By comparison, it is found that the data distribution characteristics of two numerical variables, cycling duration and cycling distance, are almost the same as the change characteristics under classification. Therefore, cycling distance can no longer be analyzed for the following reasons: On the one hand, the cycling time is real data of the original data (distance is through the beginning and end of the ride point estimation of linear distance), on the other hand the worship the bike is on the basis of riding long as pay, therefore, in the case of data features highly similar, select data quality and higher value cycling duration as subsequent analysis indicators.

Since the data of cycling duration and cycling distance both present a very long tail, log transformation of the two data is carried out first in order to observe data characteristics more clearly
df_e['log_ttl_min'] = np.log10(df_e['ttl_min'])
df_e['log_distance'] = np.log10(df_e['distance'])
cat_vars = ['daytype'.'hourtype'.'ring_stage'.'rate']
fig, ax = plt.subplots(ncols = 4, nrows = 2, figsize = [20.10])

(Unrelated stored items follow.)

(* Let $\mathscr T=(V,\mathcal E)$ be the directed Cartesian product of rooted directed trees $\mathscr T_1,\dots,\mathscr T_d$, let $S_{\boldsymbol\lambda}=(S_1,\dots,S_d)$ be a commuting multishift on $\mathscr T$ and let $E=\bigcap_j\ker S_j^*$. Then $$\bigvee_{j=1}^d\bigoplus_{v\in D_j}\Big(l^2(\mathsf{Chi}_j(v))\ominus[\Gamma^{(j)}_v]\Big)\oplus[e_{\mathsf{root}}]\ \subseteq\ E\ \subseteq\ \bigvee\{e_v:v\in F_1\times\dots\times F_d\},$$ where $D_j=\{v\in V:v_j\in V^{(j)}_\prec,\ v_i=\mathsf{root}_i\text{ for }i\ne j\}$, $\Gamma^{(j)}_v:\mathsf{Chi}_j(v)\to\mathbb C$ is $\Gamma^{(j)}_v(u)=\lambda^{(j)}_u$, and $F_j=\mathsf{Chi}(V^{(j)}_\prec)\cup\{\mathsf{root}_j\}$.
   Context: Directed trees: no loops or circuits, connected ignoring orientation, unique parent $\mathsf{par}(v)$ for vertices with incoming edges; rooted: unique parentless vertex $\mathsf{root}$; $\mathsf{Chi}(u)=\{v:(u,v)\in\mathcal E\}$, $\mathsf{Chi}(W)=\bigcup_{u\in W}\mathsf{Chi}(u)$; all leafless. $V^{(j)}_\prec=\{u\in V_j:\mathrm{card}\,\mathsf{Chi}(u)\ge2\}$. Directed Cartesian product of rooted trees $\mathscr T_j=(V_j,\mathcal E_j)$: $V=V_1\times\dots\times V_d$ (countably infinite), $(v,w)\in\mathcal E$ iff for some $k$, $(v_k,w_k)\in\mathcal E_k$ and $w_j=v_j$ ($j\ne k$); $\mathsf{root}=(\mathsf{root}_j)$. $\mathsf{Chi}_j(v)=\{w:w_j\in\mathsf{Chi}(v_j),w_k=v_k\ (k\ne j)\}$. Multishift: positive weights, $S_je_v=\sum_{w\in\mathsf{Chi}_j(v)}\lambda^{(j)}_we_w$, each $S_j$ bounded on $l^2(V)$. $l^2(W)$ for $W\subseteq V$ is viewed as a subspace of $l^2(V)$; $[x]$ is the span of $x$; $\bigvee$ is closed linear span. *)

From HB Require Import structures.
From mathcomp Require Import all_boot all_order all_algebra.
From mathcomp Require Import all_classical all_reals.
From mathcomp Require Import complex.
From mathcomp Require Import ereal esum.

color = sb.color_palette()[0]
for i in range(len(cat_vars)):
    var = cat_vars[i]
    # Draw the first row
    sb.violinplot(data = df_e, x = var, y = 'log_ttl_min', ax = ax[0, i], color = color);
    ttl_min_ticks = [1.2.5.10.20.50.100.200.500]
    ax[0, i].set_yticks(np.log10(ttl_min_ticks));
    ax[0, i].set_yticklabels(ttl_min_ticks);
    ax[0, i].set_ylabel('Riding Duration (min)');
    if i == 2:
        xlabels = ax[0, i].get_xticklabels()
        ax[0, i].set_xticklabels(xlabels, rotation = 10);
    # Draw the second line
    sb.violinplot(data = df_e, x = var, y = 'log_distance', ax = ax[1, i], color = color);
    distance_ticks = [0.1.0.2.0.5.1.2.5.10.20]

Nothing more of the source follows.